(* Let $K$ be any field and $m,d\geq 1$. The quadruple $(G_{m\wr d}, B_m^d, N_{m\wr d}, \Sigma_m\wr\Sigma_d)$ is a generalized Tits system in the sense of Iwahori. More precisely: $B_m^d\cap N_{m\wr d}=T_m^d$ (the diagonal matrices of $\mathrm{GL}_{md}(K)$) is normal in $N_{m\wr d}$, $N_{m\wr d}/T_m^d\cong \Sigma_m\wr\Sigma_d\cong W_0\rtimes\Omega$ with $W_0=\Sigma_m^d$ (generated by the involutions $s_a^{(j)}$, $1\le a\le m-1$, $1\le j\le d$) and $\Omega=\{1\}\wr\Sigma_d\cong\Sigma_d$, every $t\in\Omega$ normalizes $B_m^d$ and the set $\{s_a^{(j)}\}$, $B_m^d t\neq B_m^d$ for $t\ne 1$, and for every generator $s=s_a^{(j)}$ and every $w\in\Sigma_m\wr\Sigma_d$ one has $sB_m^dw\subseteq B_m^dswB_m^d\cup B_m^dwB_m^d$ and $sB_m^d\neq B_m^d s$.
   Context: Notation: $\Sigma_n$ is the symmetric group. The wreath product $\Sigma_m\wr\Sigma_d=\Sigma_m^d\rtimes\Sigma_d$ has multiplication determined by $w(g_1,\dots,g_d)=(g_{w^{-1}(1)},\dots,g_{w^{-1}(d)})w$; its elements are written $(w_i)_i\sigma$ with $w_i\in\Sigma_m$, $\sigma\in\Sigma_d$. For $g\in\Sigma_m$, $g^{(j)}$ denotes $(1,\dots,1,g,1,\dots,1)$ ($g$ in position $j$); $s_a=(a\ a{+}1)\in\Sigma_m$, and $t_k=(k\ k{+}1)\in\Sigma_d$. We regard $\Sigma_m\wr\Sigma_d\subseteq\Sigma_{md}$ via $(w_i)_i\sigma:(j-1)m+a\mapsto(\sigma(j)-1)m+w_{\sigma(j)}(a)$ ($1\le j\le d$, $1\le a\le m$). Over a field $K$: $\mathrm{GL}_n=\mathrm{GL}_n(K)$, $B_n$ its upper triangular matrices, $T_n$ its diagonal matrices. $N_{m\wr d}\subseteq\mathrm{GL}_{md}$ is the group of monomial matrices whose underlying permutation lies in $\Sigma_m\wr\Sigma_d\subseteq\Sigma_{md}$; $B_m^d\subseteq\mathrm{GL}_{md}$ is the group of block diagonal matrices $\mathrm{diag}(b_1,\dots,b_d)$ with $b_i\in B_m$; $G_{m\wr d}:=\langle B_m^d,N_{m\wr d}\rangle\subseteq\mathrm{GL}_{md}$. Elements of $\Sigma_m\wr\Sigma_d$ are identified with cosets in $N_{m\wr d}/T_m^d$, so expressions like $BwB$ are well defined. A generalized Tits system (Iwahori) is a quadruple $(G,B,N,W)$ with $G=\langle B,N\rangle$, $B\cap N$ normal in $N$, $W=N/(B\cap N)\cong W_0\rtimes\Omega$ where $W_0$ is generated by involutions $s_i$ ($i\in I$), every $t\in\Omega$ normalizes $B$ and $\{s_i\}$, $Bt\ne B$ unless $t=1$, and for all $s=s_i$, $w\in W$: $sBw\subseteq BswB\cup BwB$ and $sB\ne Bs$. *)

From mathcomp Require Import all_boot all_order all_algebra all_fingroup.
From mathcomp Require Import zify.

Set Implicit Arguments.
Unset Strict Implicit.
Unset Printing Implicit Defensive.
Import GRing.Theory.
Local Open Scope ring_scope.

(* Index set {1,...,md} is modelled by 'I_(d*m) (0-based): the pair     *)
(* (j,a) with j : 'I_d (block), a : 'I_m (position in block) is the     *)
(* index j*m + a  (the paper's (j-1)m + a, shifted to 0-based).         *)

Lemma idx_subproof (m d : nat) (j : 'I_d) (a : 'I_m) : (j * m + a < d * m)%N.
Proof. case: j a => j Hj [a Ha] /=. nia. Qed.

Definition idx (m d : nat) (j : 'I_d) (a : 'I_m) : 'I_(d * m) :=
  Ordinal (idx_subproof j a).

Lemma blk_subproof (m d : nat) (i : 'I_(d * m)) : (i %/ m < d)%N.
Proof.
case: i => i Hi /=. case: m Hi => [|m] Hi; first by rewrite muln0 in Hi.
by rewrite ltn_divLR.
Qed.

Lemma pos_subproof (m d : nat) (i : 'I_(d * m)) : (i %% m < m)%N.
Proof.
case: i => i Hi /=. case: m Hi => [|m] Hi; first by rewrite muln0 in Hi.
by rewrite ltn_mod.
Qed.

Definition blk (m d : nat) (i : 'I_(d * m)) : 'I_d := Ordinal (blk_subproof i).
Definition pos (m d : nat) (i : 'I_(d * m)) : 'I_m := Ordinal (pos_subproof i).

Lemma idx_blk_pos (m d : nat) (i : 'I_(d * m)) : idx (blk i) (pos i) = i.
Proof. apply: val_inj => /=. by rewrite -divn_eq. Qed.

Lemma idx_inj (m d : nat) (j j' : 'I_d) (a a' : 'I_m) :
  idx j a = idx j' a' -> j = j' /\ a = a'.
Proof.
move=> /(congr1 val) /= E.
have Hm : (0 < m)%N by case: (a) => x; case: (m).
have Ea : (a = a' :> nat).
  by have := congr1 (modn^~ m) E; rewrite !modnMDl !modn_small.
split; apply: val_inj => /=; last by [].
move: E; rewrite Ea => /addIn /eqP; rewrite eqn_mul2r => /orP[/eqP m0|/eqP //].
by rewrite m0 in Hm.
Qed.

Definition emb_fun (m d : nat) (w : {ffun 'I_d -> {perm 'I_m}}) (s : {perm 'I_d})
  (i : 'I_(d * m)) : 'I_(d * m) :=
  idx (s (blk i)) (w (s (blk i)) (pos i)).

Lemma emb_fun_inj (m d : nat) w s : injective (@emb_fun m d w s).
Proof.
move=> i i' /idx_inj [E1 E2].
have Eb : blk i = blk i' by apply: (perm_inj E1).
rewrite E1 in E2. have Ep := perm_inj E2.
by rewrite -(idx_blk_pos i) -(idx_blk_pos i') Eb Ep.
Qed.

Definition emb (m d : nat) (w : {ffun 'I_d -> {perm 'I_m}}) (s : {perm 'I_d}) :
  {perm 'I_(d * m)} := perm (@emb_fun_inj m d w s).

Definition Wr (m d : nat) : {set {perm 'I_(d * m)}} :=
  [set emb w s | w : {ffun 'I_d -> {perm 'I_m}}, s : {perm 'I_d}].

Definition W0 (m d : nat) : {set {perm 'I_(d * m)}} :=
  [set emb w 1%g | w : {ffun 'I_d -> {perm 'I_m}}].

Definition Omega (m d : nat) : {set {perm 'I_(d * m)}} :=
  [set emb [ffun=> (1%g : {perm 'I_m})] s | s : {perm 'I_d}].

Definition sgen (m d : nat) (j : 'I_d) (a b : 'I_m) : {ffun 'I_d -> {perm 'I_m}} :=
  [ffun i => if i == j then tperm a b else 1%g].

Definition Sgen (m d : nat) : {set {perm 'I_(d * m)}} :=
  [set p : {perm 'I_(d * m)} | [exists j : 'I_d, exists a : 'I_m, exists b : 'I_m,
     (b == a.+1 :> nat) && (p == emb (sgen j a b) 1%g)]].

Definition upper_tri {K : fieldType} (m : nat) (b : 'M[K]_m) : Prop :=
  forall a a' : 'I_m, (a' < a)%N -> b a a' = 0.

Definition Bm {K : fieldType} (m : nat) (b : 'M[K]_m) : Prop :=
  b \in unitmx /\ upper_tri b.

Definition Bset {K : fieldType} (m d : nat) (A : 'M[K]_(d * m)) : Prop :=
  exists b : 'I_d -> 'M[K]_m, (forall j, Bm (b j)) /\
    forall (j j' : 'I_d) (a a' : 'I_m),
      A (idx j a) (idx j' a') = if j == j' then b j a a' else 0.

Definition Tset {K : fieldType} (m d : nat) (A : 'M[K]_(d * m)) : Prop :=
  A \in unitmx /\ is_diag_mx A.

Definition mono_with {K : fieldType} (n : nat) (A : 'M[K]_n) (p : {perm 'I_n}) : Prop :=
  forall i k : 'I_n, (A i k != 0) = (i == p k).

Definition Nset {K : fieldType} (m d : nat) (A : 'M[K]_(d * m)) : Prop :=
  exists2 p, p \in Wr m d & mono_with A p.

(* the permutation matrix of p (a representative of the coset p T) *)
Definition mon {K : fieldType} (n : nat) (p : {perm 'I_n}) : 'M[K]_n :=
  \matrix_(i, k) ((i == p k)%:R : K).

Definition inBcoset {K : fieldType} (m d : nat) (X Y : 'M[K]_(d * m)) (A : 'M[K]_(d * m)) : Prop :=
  exists2 b, Bset b & A = X *m b *m Y.

Definition inBdcoset {K : fieldType} (m d : nat) (X : 'M[K]_(d * m)) (A : 'M[K]_(d * m)) : Prop :=
  exists b1 b2, [/\ Bset b1, Bset b2 & A = b1 *m X *m b2].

━━━━━━

Your objective
What do the lines above say from the one containing "have Hm : (0" down to the one containing "move: E; rewrite"? Return them exactly, both end lines included, and only them.

Written response
have Hm : (0 < m)%N by case: (a) => x; case: (m).
have Ea : (a = a' :> nat).
  by have := congr1 (modn^~ m) E; rewrite !modnMDl !modn_small.
split; apply: val_inj => /=; last by [].
move: E; rewrite Ea => /addIn /eqP; rewrite eqn_mul2r => /orP[/eqP m0|/eqP //].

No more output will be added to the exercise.